Build a lead scoring system that helps your sales team focus on the prospects most likely to convert.

Scrappy Team
January 6, 2025
6 min read

Not all leads are created equal. A proper scoring system helps you focus on the 20% of leads that drive 80% of revenue.

What Is Lead Scoring?

Lead scoring assigns a numerical value to each lead based on how likely they are to become a customer.
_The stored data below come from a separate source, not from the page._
Lemma gclip_root_pos : exists2 c : R, 0 < c & gclip c = 0.
Proof.
have [a a0 ga] := gclip_gt0_near0; have [b b0 gb] := gclip_lt0_far.
have ab : a <= b.
  by rewrite leNgt; apply/negP => ba; have := ga b b0 (ltW ba); lra.
have gapos := ga a a0 (lexx a).
have [||c] := @IVT R (fun x => gclip (Num.max x 0)) a b 0 ab.
- exact/continuous_subspaceT/gclip_continuous.
- by rewrite (max_l (ltW a0)) (max_l (ltW b0)) ge_min le_max (ltW gb) (ltW gapos) orbT.
rewrite in_itv /= => /andP[ac _]; rewrite max_l; last by apply: le_trans ac; exact: ltW.
by exists c => //; exact: lt_le_trans ac.
Qed.

Lemma gclip_root_pos_unique (u v : R) : 0 < u -> u < v -> gclip u = 0 -> gclip v = 0 -> False.
Proof.
move=> u0 uv gu gv; have vu : 0 < v - u by rewrite subr_gt0.
have /andP[_ ub] := gclip_increment (ltW u0) (ltW uv); rewrite gu gv subr0 in ub.
(* The slope bound on [u, v] forces [1 <= C P[t >= C u]], so [gclip] is nondecreasing
   on [0, u], contradicting its positivity near 0. *)
have p1 : 1 <= C * prob_ge P (C * u).
  apply: le_trans (_ : C * prob_gt P (C * u) <= _); last by rewrite ler_pM2l// prob_gt_le_ge.
  nra.
have [a a0 ga] := gclip_gt0_near0.
pose e := Num.min a (u / 2).
have e0 : 0 < e by rewrite lt_min a0 divr_gt0.
have eu : e < u by rewrite gt_min; apply/orP; right; lra.
have /andP[lb _] := gclip_increment (ltW e0) (ltW eu); rewrite gu in lb.
have := ga e e0 (ltac:(by rewrite ge_min lexx)).
have : 0 < u - e by rewrite subr_gt0.
nra.
Qed.

End supercritical_mass.

End clipped_equation.
(* Let $n\in\mathbb N$. Then $B_n^{[n-1]}=\{w_I:I\subseteq[n]\}$, and the map $\alpha:\mathsf T_n\cup\{\varnothing\}\to B_n^{[n-1]}$, $I\mapsto w_{g(I)}$, where $g(I)=\{n-j+1:j\in[n]\setminus I\}$, is an isomorphism of posets, where $B_n^{[n-1]}$ carries the Bruhat order and $\mathsf T_n\cup\{\varnothing\}$ carries the tableau order extended by $A\sqsubseteq\varnothing$ for all $A$.
   Context: Tableau order: for nonempty $A,B\subseteq[n]$, $A\sqsubseteq B$ iff there is a two-column semistandard Young tableau with first column entry set $A$ and second column entry set $B$ (equivalently $\#A\ge\#B$ and $A(k)\le B(k)$ for $k\le\#B$, $A(k)$ the $k$-th smallest element); $\mathsf T_n=(2^{[n]}\setminus\{\varnothing\},\sqsubseteq)$. $B_n$ is the hyperoctahedral Coxeter group with simple reflections $s_0,\dots,s_{n-1}$ and relations $s_j^2=1$, $(s_0s_1)^4=1$, $(s_is_{i+1})^3=1$ for $i\in[n-2]$, $(s_js_k)^2=1$ for $|j-k|\ge2$; $\ell$ is its Coxeter length. $B_n^{[n-1]}=\{w\in B_n:\ell(w)<\ell(ws_i)\ \forall i\in[n-1]\}$, with the restriction of the Bruhat order ($u\le w$ iff some reduced word for $w$ contains a subword that is a reduced word for $u$). Define $w_1=s_0$, $w_{k+1}=s_kw_k$ for $k\in[n-1]$, and for $I=\{i_1<\dots<i_m\}\subseteq[n]$, $w_I=w_{i_1}\cdots w_{i_m}$ ($w_\varnothing=1$). *)

From mathcomp Require Import all_boot all_order all_fingroup.
Set Implicit Arguments. Unset Strict Implicit. Unset Printing Implicit Defensive.

(* The hyperoctahedral group B_n, realized faithfully as the group of signed
   permutations of [n]: permutations of {+,-} x [n] (bool * 'I_n), with the
   Coxeter generators s_0 = sign change of the first letter and
   s_i (1 <= i <= n-1) = simultaneous transposition of letters i and i+1
   (letters are 0-indexed in 'I_n, so letter k+1 is the ordinal k). *)
Definition SP (n : nat) := {perm (bool * 'I_n)}.

Local Open Scope group_scope.

Definition sgen (n i : nat) : SP n :=
  match @insub _ (fun k => k < n) _ i.-1, @insub _ (fun k => k < n) _ i with
  | Some a, Some b =>
      if i == 0 then tperm (false, b) (true, b)
      else tperm (false, a) (false, b) * tperm (true, a) (true, b)
  | _, _ => 1
  end.

Definition valid_word (n : nat) (w : seq nat) : bool := all (fun i => i < n) w.

Definition eval_word (n : nat) (w : seq nat) : SP n := \prod_(i <- w) sgen n i.

Definition inBn (n : nat) (x : SP n) : Prop :=
  exists w, valid_word n w /\ eval_word n w = x.

Definition reduced (n : nat) (w : seq nat) : Prop :=
  valid_word n w /\
  forall w', valid_word n w' -> eval_word n w' = eval_word n w -> size w <= size w'.

Definition coxlen (n : nat) (x : SP n) (k : nat) : Prop :=
  exists w, reduced n w /\ eval_word n w = x /\ size w = k.

Definition inBnQ (n : nat) (x : SP n) : Prop :=
  inBn x /\
  forall i, 1 <= i < n ->
    forall k k', coxlen x k -> coxlen (x * sgen n i) k' -> k < k'.

Definition bruhat (n : nat) (u w : SP n) : Prop :=
  exists a b, [/\ reduced n a, eval_word n a = w, reduced n b,
                 eval_word n b = u & subseq b a].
Higher scores = higher priority.

Two scoring dimensions:

  1. Fit Score — How well they match your ideal customer profile
  2. Engagement Score — How interested they appear based on behavior

Combined, these tell you: "Should we pursue this lead, and how urgently?"

Why Lead Scoring Matters

Without scoring:

  • Sales wastes time on poor-fit leads
  • Hot prospects get lost in the noise
  • No objective way to prioritize
  • Marketing and sales argue about lead quality

With scoring:

  • Sales focuses on highest-potential leads
  • Fast response to buying signals
  • Clear, shared definition of "qualified"
  • Data-driven marketing optimization

Building Your Fit Score

Fit scoring evaluates static attributes that indicate potential.

Company Attributes

Industry (0-25 points)

  • Exact target industry: 25
  • Adjacent industry: 15
  • Unknown: 10
  • Excluded industry: 0

Company Size (0-25 points)

  • Sweet spot (e.g., 50-500 employees): 25
  • Acceptable range: 15
  • Too small or too large: 5
  • Unknown: 10

Revenue (0-20 points)

  • Ideal range: 20
  • Acceptable: 10
  • Outside target: 0

Geography (0-15 points)

  • Primary market: 15
  • Secondary market: 10
  • Serviceable: 5
  • Excluded: 0

Contact Attributes

Title/Seniority (0-25 points)

  • Decision-maker: 25
  • Influencer: 15
  • End-user: 10
  • Unknown: 5

Department (0-15 points)

  • Primary buying department: 15
  • Related department: 10
  • Unrelated: 5

Example Fit Scoring Matrix

| Attribute | Value | Points | |-----------|-------|--------| | Industry | SaaS | 25 | | Employees | 150 | 25 | | Revenue | $10M | 20 | | Location | USA | 15 | | Title | VP Sales | 25 | | Department | Sales | 15 | | Fit Score | | 125 |

Building Your Engagement Score

Engagement scoring tracks behavior that signals interest.

Website Behavior

Page visits (cumulative)

  • Pricing page: +20 per visit
  • Demo/trial page: +25 per visit
  • Case studies: +10 per visit
  • Blog posts: +5 per visit
  • Careers page: -10 (probably job seeker)

Session data

  • Return visit: +15
  • 5+ pages per session: +10
  • 10+ minutes on site: +15

Email Engagement

Actions

  • Email open: +5
  • Link click: +15
  • Reply: +30
  • Meeting booked: +50

Patterns

  • Opened 3+ emails: +20
  • Clicked multiple links: +25
  • Forwarded email: +35

Other Signals

Content engagement

  • Downloaded whitepaper: +20
  • Registered for webinar: +30
  • Attended webinar: +40
  • Requested demo: +50

Social signals

  • Connected on LinkedIn: +10
  • Engaged with post: +15
  • Visited company LinkedIn: +10

Decay Factor

Engagement loses value over time:

  • Last 7 days: Full value
  • 8-30 days: 75% value
  • 31-60 days: 50% value
  • 60+ days: 25% value

Combining Fit + Engagement

Create a simple matrix:

| | Low Engagement (0-50) | Medium (51-100) | High (100+) | |--|----------------------|-----------------|-------------| | High Fit (100+) | Nurture | Prioritize | Hot Lead | | Medium (50-99) | Monitor | Nurture | Qualify | | Low (0-49) | Discard | Monitor | Investigate |

Lead Categories

Hot Leads (High Fit + High Engagement)

  • Action: Immediate sales outreach
  • Response time: Within 1 hour
  • Assignment: Senior rep

Priority Leads (High Fit + Medium Engagement)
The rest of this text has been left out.